I’m back from Montreal with an overwhelming to-do list. Regular ALPS readers may have noticed that in recent years I haven’t been writing here as much; that’s partially due to free-riding on Simon and Chad, who do an excellent job; part because I don’t teach undergraduate students anymore; and part because I’m busier than I’ve ever been. I’ve promised Simon that I’ll start posting more, and so here’s an initial effort: unpacking the excellent roundtable discussion on early career instructors at ISA 2023: why we are remiss as a profession in providing support, and some tools and considerations for changing that.
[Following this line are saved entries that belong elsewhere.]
(* Let $f\in\mathcal{S}(\Omega)$. (1) $\{y^c: y\in V(N(f^c))\}\supseteq V(f)$. (2) If $f'_s(x)\in C_A$ for every $x\in\Omega\setminus\mathbb{R}$, then for every $x\in\Omega$ the sets $\mathbb{S}_x\cap V(f)$ and $\mathbb{S}_x\cap V(f^c)$ are both empty, both singletons, or both equal to $\mathbb{S}_x$. Moreover, \[V(N(f))\supseteq\bigcup_{x\in V(f)}\mathbb{S}_x=\bigcup_{x\in V(f^c)}\mathbb{S}_x\subseteq V(N(f^c)).\] If, additionally, $A$ is nonsingular, then \[\bigcup_{x\in V(f)}\mathbb{S}_x=\bigcup_{x\in V(f^c)}\mathbb{S}_x=\bigcup_{\mathbb{S}_x\subseteq V(N(f))\cap V(N(f^c))}\mathbb{S}_x,\] whence $\bigcup_{x\in V(f)}\mathbb{S}_x=\bigcup_{x\in V(f^c)}\mathbb{S}_x=V(N(f))=V(N(f^c))$ if $f$ is also tame. (3) Suppose that $f^\circ_s(x)\in C_A$ for every $x\in\Omega$ and $f'_s(x)\in C_A$ for every $x\in\Omega\setminus\mathbb{R}$. Then \[\bigcup_{\mathbb{S}_x\subseteq V(N(f))}\mathbb{S}_x=\bigcup_{x\in V(f)}\mathbb{S}_x=\bigcup_{x\in V(f^c)}\mathbb{S}_x=\bigcup_{\mathbb{S}_x\subseteq V(N(f^c))}\mathbb{S}_x,\] whence $V(N(f))=\bigcup_{x\in V(f)}\mathbb{S}_x=\bigcup_{x\in V(f^c)}\mathbb{S}_x=V(N(f^c))$ if $f$ is also tame, and $V(N(f))=V(f)=V(f^c)=V(N(f^c))$ if $f$ is slice preserving.
   Context: Let $A$ be a finite-dimensional real algebra with unit $1$ ($\mathbb{R}$ identified with $\mathbb{R}1$) which is alternative (the associator $(x,y,z)=(xy)z-x(yz)$ is alternating), with a $^*$-involution $x\mapsto x^c$ (real linear, $(x^c)^c=x$, $(xy)^c=y^cx^c$, $r^c=r$ for $r\in\mathbb{R}$). Let $t(x)=x+x^c$, $n(x)=xx^c$; $A$ is nonsingular if $n(x)=0$ implies $x=0$. The center of $A$ is the set of $r$ with $(r,a,b)=0$ and $ra=ar$ for all $a,b$; $C_A=\{0\}\cup\{a\in A: n(a),n(a^c)$ invertible elements of the center$\}$. Let $\mathbb{S}_A=\{J\in A:t(J)=0,n(J)=1\}$ (assumed non-empty), $Q_A=\mathbb{R}\cup\{x\in A:t(x),n(x)\in\mathbb{R},\ 4n(x)>t(x)^2\}$; every $x\in Q_A$ is $\alpha+\beta J$ with $\alpha,\beta\in\mathbb{R}$, $J\in\mathbb{S}_A$, $x^c=\alpha-\beta J$, $\mathrm{im}(x)=x-t(x)/2$, and $\mathbb{S}_x=\{\alpha+\beta I:I\in\mathbb{S}_A\}$. Let $D\subseteq\mathbb{C}$ be non-empty and invariant under complex conjugation and $\Omega=\{\alpha+\beta J:\alpha+i\beta\in D,\ J\in\mathbb{S}_A\}$. Let $A_{\mathbb{C}}=\{a+\imath b:a,b\in A\}$ with product $(a+\imath b)(a'+\imath b')=aa'-bb'+\imath(ab'+ba')$, conjugation $\overline{a+\imath b}=a-\imath b$, involution $(a+\imath b)^c=a^c+\imath b^c$. A stem function is $F=F_1+\imath F_2:D\to A_{\mathbb{C}}$ with $F(\bar z)=\overline{F(z)}$; it induces the slice function $f=\mathcal{I}(F)$, $f(\alpha+\beta J)=F_1(\alpha+i\beta)+JF_2(\alpha+i\beta)$. Slice product $f\cdot g=\mathcal{I}(FG)$, conjugate $f^c=\mathcal{I}(F^c)$, $F^c(z)=F(z)^c$, normal function $N(f)=f\cdot f^c$. $f$ is slice preserving if $F_1,F_2$ are real valued; tame if $N(f)$ is slice preserving and $N(f)=N(f^c)$. $V(h)=\{x:h(x)=0\}$. $f^\circ_s(x)=\frac12(f(x)+f(x^c))$, $f'_s(x)=\frac12\mathrm{im}(x)^{-1}(f(x)-f(x^c))$ for $x\in\Omega\setminus\mathbb{R}$. Unions of the form $\bigcup_{\mathbb{S}_x\subseteq E}\mathbb{S}_x$ range over $x\in\Omega$. *)

From HB Require Import structures.
From mathcomp Require Import all_boot all_order all_algebra.
From mathcomp Require Import boolp classical_sets reals.

Set Implicit Arguments.
Unset Strict Implicit.
Unset Printing Implicit Defensive.

Import GRing.Theory Num.Theory.
Local Open Scope ring_scope.
Local Open Scope classical_set_scope.

Record altStarAlg (R : realType) (A : vectType R) := AltStarAlg {
  amul : A -> A -> A;
  aone : A;
  aconj : A -> A;
  amulDl : forall (a : R) (x y z : A), amul (a *: x + y) z = a *: amul x z + amul y z;
  amulDr : forall (a : R) (x y z : A), amul z (a *: x + y) = a *: amul z x + amul z y;
  amul1l : forall x, amul aone x = x;
  amul1r : forall x, amul x aone = x;
  (* R is identified with R1 (so the embedding r |-> r1 is injective) *)
  aone_neq0 : aone != 0;
  (* the associator (x,y,z) = (xy)z - x(yz) is alternating:
     it vanishes whenever two of its arguments coincide *)
  alt_xxy : forall x y, amul (amul x x) y - amul x (amul x y) = 0;
  alt_xyx : forall x y, amul (amul x y) x - amul x (amul y x) = 0;
  alt_yxx : forall x y, amul (amul y x) x - amul y (amul x x) = 0;
  aconjD : forall (a : R) (x y : A), aconj (a *: x + y) = a *: aconj x + aconj y;
  aconjK : forall x, aconj (aconj x) = x;
  aconjM : forall x y, aconj (amul x y) = amul (aconj y) (aconj x);
  aconj_real : forall r : R, aconj (r *: aone) = r *: aone
}.

Section Defs.
Context {R : realType} {A : vectType R} (S : altStarAlg A).

Local Notation "x ** y" := (amul S x y) (at level 40, left associativity).
Local Notation e1 := (aone S).
Local Notation "x ^c" := (aconj S x).

Definition isReal (x : A) : Prop := exists r : R, x = r *: e1.

Definition tr (x : A) : A := x + x^c.
Definition nrm (x : A) : A := x ** x^c.

Definition assoc (x y z : A) : A := (x ** y) ** z - x ** (y ** z).

Definition center (r : A) : Prop :=
  (forall a b, assoc r a b = 0) /\ (forall a, r ** a = a ** r).

Definition invertible (x : A) : Prop := exists y, x ** y = e1 /\ y ** x = e1.

Definition CA (a : A) : Prop :=
  a = 0 \/
  (center (nrm a) /\ invertible (nrm a) /\ center (nrm a^c) /\ invertible (nrm a^c)).

Definition sphS (J : A) : Prop := tr J = 0 /\ nrm J = e1.

Definition nonsingular : Prop := forall x, nrm x = 0 -> x = 0.

(* D is a subset of C, alpha + i beta encoded as the pair (alpha, beta) *)
Definition Omega (D : R -> R -> Prop) : set A :=
  [set x | exists a b J, D a b /\ sphS J /\ x = a *: e1 + b *: J].

Definition sphere (x : A) : set A :=
  [set y | exists (a b : R) J I, sphS J /\ sphS I /\
     x = a *: e1 + b *: J /\ y = a *: e1 + b *: I].

(* stem functions D -> A_C, F = G1 + i G2, with F(conj z) = conj (F z) *)
Definition is_stem (D : R -> R -> Prop) (G1 G2 : R -> R -> A) : Prop :=
  forall a b, D a b -> G1 a (- b) = G1 a b /\ G2 a (- b) = - G2 a b.

Definition induces (D : R -> R -> Prop) (G1 G2 : R -> R -> A) (h : A -> A) : Prop :=
  forall a b J, D a b -> sphS J -> h (a *: e1 + b *: J) = G1 a b + J ** G2 a b.

Definition stem_slice_preserving (D : R -> R -> Prop) (G1 G2 : R -> R -> A) : Prop :=
  forall a b, D a b -> isReal (G1 a b) /\ isReal (G2 a b).

Definition Vz (D : R -> R -> Prop) (h : A -> A) : set A :=
  [set x | Omega D x /\ h x = 0].

Definition bigsph (E : set A) : set A := [set y | exists2 x, E x & sphere x y].

Definition bigsph_in (D : R -> R -> Prop) (E : set A) : set A :=
  [set y | exists x, Omega D x /\ sphere x `<=` E /\ sphere x y].

Definition imag (x : A) : A := x - 2^-1 *: tr x.

Definition sph_val (f : A -> A) (x : A) : A := 2^-1 *: (f x + f x^c).

(* "f'_s(x) in C_A": f'_s(x) = 1/2 im(x)^{-1} (f(x) - f(x^c)),
   with im(x)^{-1} the (two-sided) inverse of im(x) *)
Definition sph_der_in_CA (f : A -> A) (x : A) : Prop :=
  exists y, imag x ** y = e1 /\ y ** imag x = e1 /\
    CA (2^-1 *: (y ** (f x - f x^c))).

End Defs.

From HB Require Import structures.
From mathcomp Require Import all_boot all_order all_algebra.
From mathcomp Require Import boolp classical_sets reals.
From mathcomp Require Import ring lra.
Import GRing.Theory Num.Theory.
Local Open Scope ring_scope.

(** Write [x = a + b J] and [f(x) = u + J v] with [u + i v = F(a + i b)]:
    [f] vanishes somewhere on [S_x] iff [u + I v = 0] for an imaginary unit [I].
    If [v] lies in [C_A], every associator built from [v] and [v^c] vanishes
    (by the middle Moufang identities), and [u + J v = 0] then forces
    [u u^c = v v^c] and [u v^c + v u^c = 0], i.e. the stem of [N(f)] vanishes
    at [a + i b], and likewise the stem of [N(f^c)].  Conversely these four
    identities give the root [I := - (u v^c) n(v)^-1] when [v <> 0]; if also
    [u] lies in [C_A], the first two identities imply the last two.  The
    conditions being symmetric under [(u, v) |-> (u^c, v^c)], the zeros of
    [f], [f^c], [N(f)] and [N(f^c)] are matched sphere by sphere. *)

Lemma eq_coord (K : fieldType) (V : vectType K) (x y : V) :
  (forall i, coord (vbasis fullv) i x = coord (vbasis fullv) i y) -> x = y.
Proof.
move=> Hxy; rewrite (coord_vbasis (memvf x)) (coord_vbasis (memvf y)).
by apply: eq_bigr => i _; rewrite Hxy.
Qed.

Ltac coord_simpl := rewrite ?(linearD, linearN, linearB, linearZ, linear0) /=.

(* Each coordinate in [vbasis fullv] is a linear form, so an equation that is a
   linear consequence of the context equations of the same type is checked by
   [lra] coordinatewise, with products as atoms. *)
Ltac coord_lra :=
  match goal with |- @eq ?T _ _ =>
    let i := fresh "i" in
    apply: eq_coord => i;
    repeat match goal with
    | H : @eq ?U _ _ |- _ =>
        unify U T; move: H => /(congr1 (coord (vbasis fullv) i))
    end
  end; coord_simpl; lra.

Lemma sq_complex_eq0 {K : numDomainType} {r s : K} :
  r * r - s * s = 0 -> r * s + s * r = 0 -> r = 0 /\ s = 0.
Proof.
move=> re im; have /eqP : (r * s) *+ 2 = 0 by rewrite mulr2n {2}mulrC.
rewrite mulrn_eq0 mulf_eq0 /= => /orP [/eqP r0 | /eqP s0].
  by move: re; rewrite r0 mul0r sub0r => /eqP; rewrite oppr_eq0 mulf_eq0 orbb => /eqP.
by move: re; rewrite s0 mul0r subr0 => /eqP; rewrite mulf_eq0 orbb => /eqP.
Qed.

Section Notions.
Context {R : realType} {A : vectType R} (S : altStarAlg A).
Local Notation "x ** y" := (amul S x y) (at level 40, left associativity).
Local Notation "x ^c" := (aconj S x).

(* The nonzero elements of [C_A], with [n(v^c)] written [v^c v]. *)
Definition CAstar v :=
  [/\ center S (v ** v^c), invertible S (v ** v^c),
      center S (v^c ** v) & invertible S (v^c ** v)].

(* The two components of the product [(u + i v)(u + i v)^c] in [A_C]. *)
Definition nrm_stem1 u v := u ** u^c - v ** v^c.
Definition nrm_stem2 u v := u ** v^c + v ** u^c.

Definition slice_root u v := exists2 I, sphS S I & u + I ** v = 0.

Definition CA_valued (D : R -> R -> Prop) (V : R -> R -> A) :=
  forall a b, D a b -> CA S (V a b).

End Notions.

Section AltStarAlgebra.
Context {R : realType} {A : vectType R} {S : altStarAlg A}.
Local Notation "x ** y" := (amul S x y) (at level 40, left associativity).
Local Notation e1 := (aone S).
Local Notation "x ^c" := (aconj S x).
Local Notation asc := (assoc S).
Local Notation CAstar := (CAstar S).

Lemma amul_addl x y z : (x + y) ** z = x ** z + y ** z.
Proof. by have := amulDl S 1 x y z; rewrite !scale1r. Qed.

Lemma amul_addr x y z : z ** (x + y) = z ** x + z ** y.
Proof. by have := amulDr S 1 x y z; rewrite !scale1r. Qed.

Lemma amul0l z : 0 ** z = 0.
Proof. by apply: (addrI (0 ** z)); rewrite addr0 -amul_addl addr0. Qed.

Lemma amul0r z : z ** 0 = 0.
Proof. by apply: (addrI (z ** 0)); rewrite addr0 -amul_addr addr0. Qed.

Lemma amulZl a x z : (a *: x) ** z = a *: (x ** z).
Proof. by have := amulDl S a x 0 z; rewrite addr0 amul0l addr0. Qed.

Lemma amulZr a x z : z ** (a *: x) = a *: (z ** x).
Proof. by have := amulDr S a x 0 z; rewrite addr0 amul0r addr0. Qed.

Lemma amulNl x z : (- x) ** z = - (x ** z).
Proof. by rewrite -scaleN1r amulZl scaleN1r. Qed.

Lemma amulNr x z : z ** (- x) = - (z ** x).
Proof. by rewrite -scaleN1r amulZr scaleN1r. Qed.

Lemma amulBl x y z : (x - y) ** z = x ** z - y ** z.
Proof. by rewrite amul_addl amulNl. Qed.

Lemma amulBr x y z : z ** (x - y) = z ** x - z ** y.
Proof. by rewrite amul_addr amulNr. Qed.

Definition amulE :=
  (amul_addl, amul_addr, amulBl, amulBr, amulNl, amulNr, amulZl, amulZr, amul0l, amul0r).

Lemma aconj_add x y : (x + y)^c = x^c + y^c.
Proof. by have := aconjD S 1 x y; rewrite !scale1r. Qed.

Lemma aconj0 : 0^c = 0.
Proof. by apply: (addrI (0^c)); rewrite addr0 -aconj_add addr0. Qed.

Lemma aconjZ a x : (a *: x)^c = a *: x^c.
Proof. by have := aconjD S a x 0; rewrite !addr0 aconj0 addr0. Qed.

Lemma aconjN x : (- x)^c = - x^c.
Proof. by rewrite -scaleN1r aconjZ scaleN1r. Qed.

Lemma aconj1 : e1^c = e1.
Proof. by have := aconj_real S 1; rewrite !scale1r. Qed.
I co-chaired the roundtable with Michael Murphy of Queens University–and if you aren’t reading his work, you should. He is the one who coined the ‘early career instructor’ moniker, an important way of considering the needs of those who are first starting out teaching. As a profession, we generally do a terrible job of preparing our ECIs for the classroom. With some exceptions, graduate students are rarely actively encouraged and supported in pursuing opportunities related to teaching: in general, such opportunities impose some kind of cost to pursue, in time, money, or reputation. Many have shared that they are either actively discouraged from spending any time on learning to teach, and that they are told their career will suffer if they are perceived as caring too much about teaching.

Let’s talk about the problems with this practice.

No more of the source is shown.